I conducted a grid search to optimize the batch parameters in my experiment, testing various combinations to find the best setting. Here are my results:
🥇 Best Performance:
delayTreshold 10ms, elementCountThreshold 5, requestByteThreshold 4096
Time to Publish One Million: Approximately 52 minutes and 24 seconds
Performance Improvement: About 35.79% faster than the baseline
🐢 Worst Performance:
delayThreshold 1000ms, elementCountThreshold 50, requestByteThreshold 2048
Time to Publish One Million: Approximately 1 day, 2 hours, and 43 minutes
Performance Decline: About 200.47% slower than the baseline
Better parameters can be found with a more exhaustive grid search. However, for demonstration purposes, this level of search is sufficient.
It's crucial to pay attention to batch parameter settings, as improper configurations can significantly decrease performance, leading to inefficiencies in processing and increased operational times.
The tricky part is balancing these three parameters to achieve an optimal trade-off between latency and network traffic. Setting the delay threshold too low can lead to frequent dispatch of incomplete batches, increasing the number of requests. Conversely, a high delay threshold might result in idle periods, causing unnecessary delays in message sending ⏳.

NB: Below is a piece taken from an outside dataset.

(* Let $n\geq 3$ and, for $1\leq i\leq\lfloor n/2\rfloor$, let $G_i$ be the graph obtained from $K_n$ by deleting $i$ pairwise disjoint edges (equivalently, by successively deleting $i$ edges each joining two saturated vertices). Let $g:A\to B$ be a constant function with value $w\in B$, and let $F_{G_i}$ be the corresponding functigraph of $G_i$. Then: (i) if $1\leq i\leq\lfloor n/2\rfloor-1$, then $fix(F_{G_i})=2n-2i-3$; (ii) if $n$ is even and $i=n/2$, then $fix(F_{G_i})=n-1$; (iii) if $n$ is odd and $i=\lfloor n/2\rfloor$, then $fix(F_{G_i})=2\lfloor n/2\rfloor$ when $w$ is the unique saturated vertex of $G_2$ (the copy of $G_i$ on $B$), and $fix(F_{G_i})=2\lfloor n/2\rfloor-1$ otherwise.
   Context: A vertex of a graph is saturated if it is adjacent to all other vertices. A set $S\subseteq V(H)$ is a fixing set of a graph $H$ if the only automorphism of $H$ fixing every vertex of $S$ is the identity; $fix(H)$ is the minimum cardinality of a fixing set of $H$. Functigraph: let $G_1,G_2$ be disjoint copies of a connected graph $G$, with $A=V(G_1)$, $B=V(G_2)$, and let $g:A\to B$ be a function. The functigraph $F_G$ has vertex set $A\cup B$ and edge set $E(G_1)\cup E(G_2)\cup\{ug(u):u\in A\}$. *)

From mathcomp Require Import all_boot all_fingroup.
Set Implicit Arguments. Unset Strict Implicit. Unset Printing Implicit Defensive.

Managing Message Flow in Batching
To optimize message batching in Pub/Sub, implementing flow control is essential, especially when dealing with high message generation rates. Without effective flow control, you risk memory overload or having messages that are too old to be useful, potentially triggering a DEADLINE_EXCEEDED error. This happens if you produce messages at a faster rate than your publisher can send them.
Flow control can be fine-tuned using three key parameters:
Buffer Size in Bytes (
setMaxOutstandingRequestBytes): This parameter defines the maximum buffer size for batching messages, measured in bytes. It helps in managing the memory usage by limiting the total size of messages waiting to be sent.
Buffer Size in Terms of Events (
setMaxOutstandingElementCount): This sets a cap on the number of messages that can be included in the buffer. It's a count-based limit, ensuring that the buffer doesn't exceed a specified number of messages.
Behavior When Limits are Exceeded (
setLimitExceededBehavior): This crucial parameter dictates the course of action when the set limits are surpassed. The options include:
Ignoring the limit (effectively disabling flow control),
Throwing an exception (to signal an immediate issue),
Blocking (which pauses message addition to the buffer until there's enough space).
These parameters collectively ensure that the batching process is efficient, preventing bottlenecks and maintaining a smooth flow of messages.
Batching Pub/Sub messages has the potential to enhance your application's performance, but it requires careful adjustment of parameters. It's vital to have a clear understanding of your application's performance prior to enabling batching. Make sure there are no other constraints impacting performance before you proceed with adding batching settings 🤔.
Finding the ideal settings for batching in my model scenario was a time-consuming process. It's worth noting that real-world scenarios can be significantly more complex.
Additionally, batching tends to be more effective with a steady stream of events; it may not perform as well in scenarios with sudden spikes in traffic 🚀.